20 cl alcohol vinegar

1 onion pricked with 3 cloves

2 stock cubes

1 sprig of thyme

5 bay leaves



50 g butter

1 onion, chopped

3 tablespoons of flour

100 g gherkin

1 teaspoon of Patrelle flavouring or tomato concentrate

Total Time: 2h15
Preparation: 30 min
Cooking time: 1h45

Soak the tongue overnight in a pot of water to disgorge it.
In a pressure cooker, put the tongue, cover with water, add half of the vinegar. Boil for 15 minutes. Drain.
During this time, boil some water. Put the tongue back into the pot, pour in the boiling water, the rest of the vinegar, 1 onion pricked with 3 cloves, 2 stock cubes, thyme, bay leaf, salt and pepper.
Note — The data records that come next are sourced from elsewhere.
(* Let $s,t\ge0$ be integers, let $S$ be any $s\times s$ integer matrix and $T$ any $t\times t$ integer matrix, and let $m,n,m',n'$ be positive integers with $m+n=m'+n'$. Then $H_{m,n}(z)-H_{m',n'}(z)$ is independent of $z$, i.e. it takes the same value for all integers $z$.
   Context: $h_k$ denotes the complete homogeneous symmetric function of degree $k$, with $h_0=1$ and $h_k=0$ for $k<0$. For integer matrices $S=(S_{ij})_{1\le i,j\le s}$, $T=(T_{ij})_{1\le i,j\le t}$, positive integers $m,n$ and any integer $z$, $H_{m,n}(z)$ is the determinant of the $(s+t+2)\times(s+t+2)$ matrix whose entries are as follows (rows and columns indexed $1,\dots,s+t+2$): - for $1\le i,j\le s$: $h_{S_{ij}}$; - row $s+1$, columns $1,\dots,s$: all $0$ except column $s$, which is $1$; rows $s+2,\dots,s+t+2$, columns $1,\dots,s$: $0$; - column $s+1$: $h_{S_{i,s}+m}$ in row $i\le s$, $h_m$ in row $s+1$, $h_z$ in row $s+2$, and $0$ in rows $>s+2$; - column $s+2$: $h_{S_{i,s}+m+n-z}$ in row $i\le s$, $h_{m+n-z}$ in row $s+1$, $h_n$ in row $s+2$, $1$ in row $s+3$ (if $t>0$), $0$ in rows $>s+3$; - column $s+2+j$ for $1\le j\le t$: $h_{S_{i,s}+m+n-z+T_{1j}}$ in row $i\le s$, $h_{m+n-z+T_{1j}}$ in row $s+1$, $h_{n+T_{1j}}$ in row $s+2$, and $h_{T_{ij}}$ in row $s+2+i$ for $1\le i\le t$. *)

From HB Require Import structures.
From mathcomp Require Import all_boot all_order all_algebra.
Set Implicit Arguments. Unset Strict Implicit. Unset Printing Implicit Defensive.
Import Order.TTheory GRing.Theory Num.Theory.
Local Open Scope ring_scope.

(* Entry (i,j) of an integer matrix, accessed with 1-based nat indices;
   0 outside the range (never used out of range below). *)
Definition mget (k : nat) (M : 'M[int]_k) (i j : nat) : int :=
  match @insub nat (fun x => x < k)%N 'I_k i.-1,
        @insub nat (fun x => x < k)%N 'I_k j.-1 with
  | Some i', Some j' => M i' j'
  | _, _ => 0
  end.

(* The entries of the matrix defining H_{m,n}(z), with 1-based indices
   i, j in 1..s+t+2.  [h] plays the role of the complete homogeneous
   symmetric functions h_k (k : int). *)
Definition Hentry (R : comRingType) (h : int -> R) (s t : nat)
  (S : 'M[int]_s) (T : 'M[int]_t) (m n : nat) (z : int) (i j : nat) : R :=
  let Sis := mget S i s in
  let mz := (m%:Z + n%:Z - z)%R in
  if (j <= s)%N then
    (if (i <= s)%N then h (mget S i j)
     else if i == s.+1 then (if j == s then 1 else 0) else 0)
  else if j == s.+1 then
    (if (i <= s)%N then h (Sis + m%:Z)
     else if i == s.+1 then h m%:Z
     else if i == s.+2 then h z else 0)
  else if j == s.+2 then
    (if (i <= s)%N then h (Sis + mz)
     else if i == s.+1 then h mz
     else if i == s.+2 then h n%:Z
     else if i == s.+3 then 1 else 0)
  else (* j = s+2+j' with 1 <= j' <= t *)
    let j' := (j - s.+2)%N in
    let T1j := mget T 1 j' in
    (if (i <= s)%N then h (Sis + mz + T1j)
     else if i == s.+1 then h (mz + T1j)
     else if i == s.+2 then h (n%:Z + T1j)
     else h (mget T (i - s.+2)%N j')).

Definition Hdet (R : comRingType) (h : int -> R) (s t : nat)
  (S : 'M[int]_s) (T : 'M[int]_t) (m n : nat) (z : int) : R :=
  \det (\matrix_(i < s + t + 2, j < s + t + 2)
          Hentry h S T m n z i.+1 j.+1).

From HB Require Import structures.
From mathcomp Require Import all_boot all_order all_algebra all_fingroup.
Set Implicit Arguments. Unset Strict Implicit. Unset Printing Implicit Defensive.
Import GRing.Theory.
Local Open Scope ring_scope.

(* Expand both determinants by the Leibniz formula and compare
   them permutation by permutation.  The only entry of the matrix depending
   on z alone is h_z, sitting at (row s+2, column s+1); the entries depending
   on m and n separately (and not only through m+n) all lie in row s+2 or in
   column s+1.  Fix a permutation sigma.
   - If sigma picks the slot (s+2, s+1), all the other entries it picks avoid
     row s+2 and column s+1, so its product is the same for (m,n) and (m',n');
     its contribution to H_{m,n}(z) - H_{m',n'}(z) vanishes for every z.
   - Otherwise, either sigma picks a zero entry of the lower-left block (rows
     >= s+2, columns <= s+1), or it maps the rows >= s+2 onto the columns
     >= s+2 and hence (being a bijection) the rows <= s+1 onto the columns
     <= s+1; in both cases its product does not depend on z. *)

(* A permutation sending a set into itself also sends its complement into
   the complement: this is the counting step of the second case. *)
Lemma perm_stable_compl (T : finType) (sg : {perm T}) (B : {set T}) :
  {in B, forall x, sg x \in B} -> {in ~: B, forall x, sg x \in ~: B}.
Proof.
move=> sgB x; rewrite !inE => xNB; apply/negP => sgxB.
have im_sgB : sg @: B = B.
  apply/eqP; rewrite eqEcard card_imset; last exact: perm_inj.
  by rewrite leqnn andbT; apply/subsetP => _ /imsetP[y yB ->]; exact: sgB.
move: sgxB; rewrite -{1}im_sgB => /imsetP[y yB /perm_inj exy].
by move: xNB; rewrite exy yB.
Qed.

Section HdetPermutationTerms.
Variables (R : comNzRingType) (h : int -> R) (s t : nat)
  (S : 'M[int]_s) (T : 'M[int]_t).

(* Entries off row s+2 and column s+1, as well as the slot h_z at their
   crossing, depend on (m, n) only through m + n (indices are 1-based). *)
Lemma Hentry_sum_invariant m n m' n' z i j : (m + n = m' + n')%N ->
  (i == s.+2) = (j == s.+1) ->
  Hentry h S T m n z i j = Hentry h S T m' n' z i j.
Proof.
move=> mn_eq ij_cross.
have mnZ_eq : (m%:Z + n%:Z = m'%:Z + n'%:Z)%R by rewrite -!PoszD mn_eq.
rewrite /Hentry mnZ_eq.
case: eqP ij_cross => [-> | _] <- //=.
by rewrite ltnNge leqnSn (gtn_eqF (ltnSn _)).
Qed.

Lemma Hentry_z_invariant m n z1 z2 i j :
  ((i <= s.+1)%N -> (j <= s.+1)%N) -> ~~ ((i == s.+2) && (j == s.+1)) ->
  Hentry h S T m n z1 i j = Hentry h S T m n z2 i j.
Proof.
move=> upper_left not_hz; rewrite /Hentry.
case: (leqP j s) => // s_lt_j.
case: (eqVneq j s.+1) => [j_eq | j_neq].
  by move: not_hz; rewrite j_eq eqxx andbT => /negbTE ->.
have s1_lt_j : (s.+1 < j)%N by rewrite ltn_neqAle eq_sym j_neq.
have s1_lt_i : (s.+1 < i)%N.
  by rewrite ltnNge; apply: contraL s1_lt_j => /upper_left; rewrite -leqNgt.
by rewrite (leqNgt i) (ltnW s1_lt_i) (gtn_eqF s1_lt_i).
Qed.

Lemma Hentry_lower_left m n z i j : (s.+2 <= i)%N -> (j <= s.+1)%N ->
  ~~ ((i == s.+2) && (j == s.+1)) -> Hentry h S T m n z i j = 0.
Proof.
move=> lower left not_hz.
rewrite /Hentry (leqNgt i) (ltnW lower) (gtn_eqF lower).
case: (leqP j s) => // s_lt_j.
have j_eq : j = s.+1 by apply/eqP; rewrite eqn_leq left s_lt_j.
by move: not_hz; rewrite j_eq eqxx andbT => /negbTE ->.
Qed.

Let N := (s + t + 2)%N.

(* The row (0-based index s+1) carrying h_z. *)
Lemma hz_row_proof : (s.+1 < N)%N.
Proof. by rewrite /N addn2 !ltnS leq_addr. Qed.

Definition hz_row : 'I_N := Ordinal hz_row_proof.

Definition Hterm m n z (sg : {perm 'I_N}) : R :=
  \prod_i Hentry h S T m n z (val i).+1 (val (sg i)).+1.

Lemma Hdet_Leibniz m n z :
  Hdet h S T m n z = \sum_(sg : {perm 'I_N}) (-1) ^+ sg * Hterm m n z sg.
Proof.
rewrite /Hdet /determinant; apply: eq_bigr => sg _.
by congr (_ * _); apply: eq_bigr => i _; rewrite mxE.
Qed.

Lemma Hterm_hz_picked (sg : {perm 'I_N}) m n m' n' z :
  (m + n = m' + n')%N -> val (sg hz_row) = s ->
  Hterm m n z sg = Hterm m' n' z sg.
Proof.
move=> mn_eq sg_hz; apply: eq_bigr => i _; apply: Hentry_sum_invariant => //.
have [-> | i_neq] := eqVneq i hz_row; first by rewrite sg_hz !eqxx.
have -> : ((val i).+1 == s.+2) = false.
  by apply: contraNF i_neq => /eqP[i_eq]; apply/eqP/val_inj.
apply/esym; apply: contraNF i_neq => /eqP[sgi_eq].
by apply/eqP/(@perm_inj _ sg)/val_inj; rewrite sg_hz; exact: sgi_eq.
Qed.

Lemma Hterm_hz_avoided (sg : {perm 'I_N}) m n z1 z2 :
  val (sg hz_row) != s -> Hterm m n z1 sg = Hterm m n z2 sg.
Proof.
move=> sg_hz.
have not_hz (i : 'I_N) : ~~ (((val i).+1 == s.+2) && ((val (sg i)).+1 == s.+1)).
  apply/negP => /andP[/eqP[i_eq] /eqP[sgi_eq]].
  have i_hz : i = hz_row by exact: val_inj.
  by move: sg_hz; rewrite -i_hz; apply/negP; rewrite negbK; apply/eqP.
pose lower := [set i : 'I_N | (s < val i)%N].
have [[i /andP[i_low sgi_left]] | /existsPn lower_stable] :=
  altP (@existsP _ (fun i : 'I_N => (s < val i)%N && (val (sg i) <= s)%N)).
  rewrite /Hterm (bigD1 i) //= [in RHS](bigD1 i) //=.
  by rewrite !(@Hentry_lower_left m n) ?mul0r ?not_hz.
have upper_stable : {in ~: lower, forall i, sg i \in ~: lower}.
  apply: perm_stable_compl => i; rewrite !inE => i_low.
  by have := lower_stable i; rewrite negb_and i_low ltnNge.
apply: eq_bigr => i _; apply: Hentry_z_invariant => // i_up.
by have := upper_stable i; rewrite !inE -!leqNgt !ltnS; exact.
Qed.

End HdetPermutationTerms.

Theorem lemma2p4 (R : comRingType) (h : int -> R)
  (h0 : h 0 = 1) (hneg : forall k : int, k < 0 -> h k = 0)
  (s t : nat) (S : 'M[int]_s) (T : 'M[int]_t) (m n m' n' : nat)
  (hm : (0 < m)%N) (hn : (0 < n)%N) (hm' : (0 < m')%N) (hn' : (0 < n')%N)
  (hmn : (m + n = m' + n')%N) (z1 z2 : int) :
  Hdet h S T m n z1 - Hdet h S T m' n' z1
  = Hdet h S T m n z2 - Hdet h S T m' n' z2.
Proof.
rewrite !Hdet_Leibniz -!sumrB; apply: eq_bigr => sg _; rewrite -!mulrBr.
have [sg_hz | sg_hz] := eqVneq (val (sg (hz_row s t))) s.
  by rewrite !(Hterm_hz_picked h S T z1 hmn sg_hz)
    !(Hterm_hz_picked h S T z2 hmn sg_hz) !subrr.
by rewrite (Hterm_hz_avoided h S T m n z1 z2 sg_hz)
  (Hterm_hz_avoided h S T m' n' z1 z2 sg_hz).
Qed.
Leave to cook for 1h30 from the boil.
Remove the tongue from the casserole and remove the skin, keep the stock.
Sauce: melt the butter in a large saucepan, add a minced onion, melt, add the flour.
Then gradually add about 1 l of cooking stock, 1 teaspoon of Patrelle flavouring to colour the sauce. Taste the sauce.
Add salt and pepper if necessary, the gherkins cut into slices.
In a serving dish, place the sliced tongue and top with the sauce.
Enjoy your meal.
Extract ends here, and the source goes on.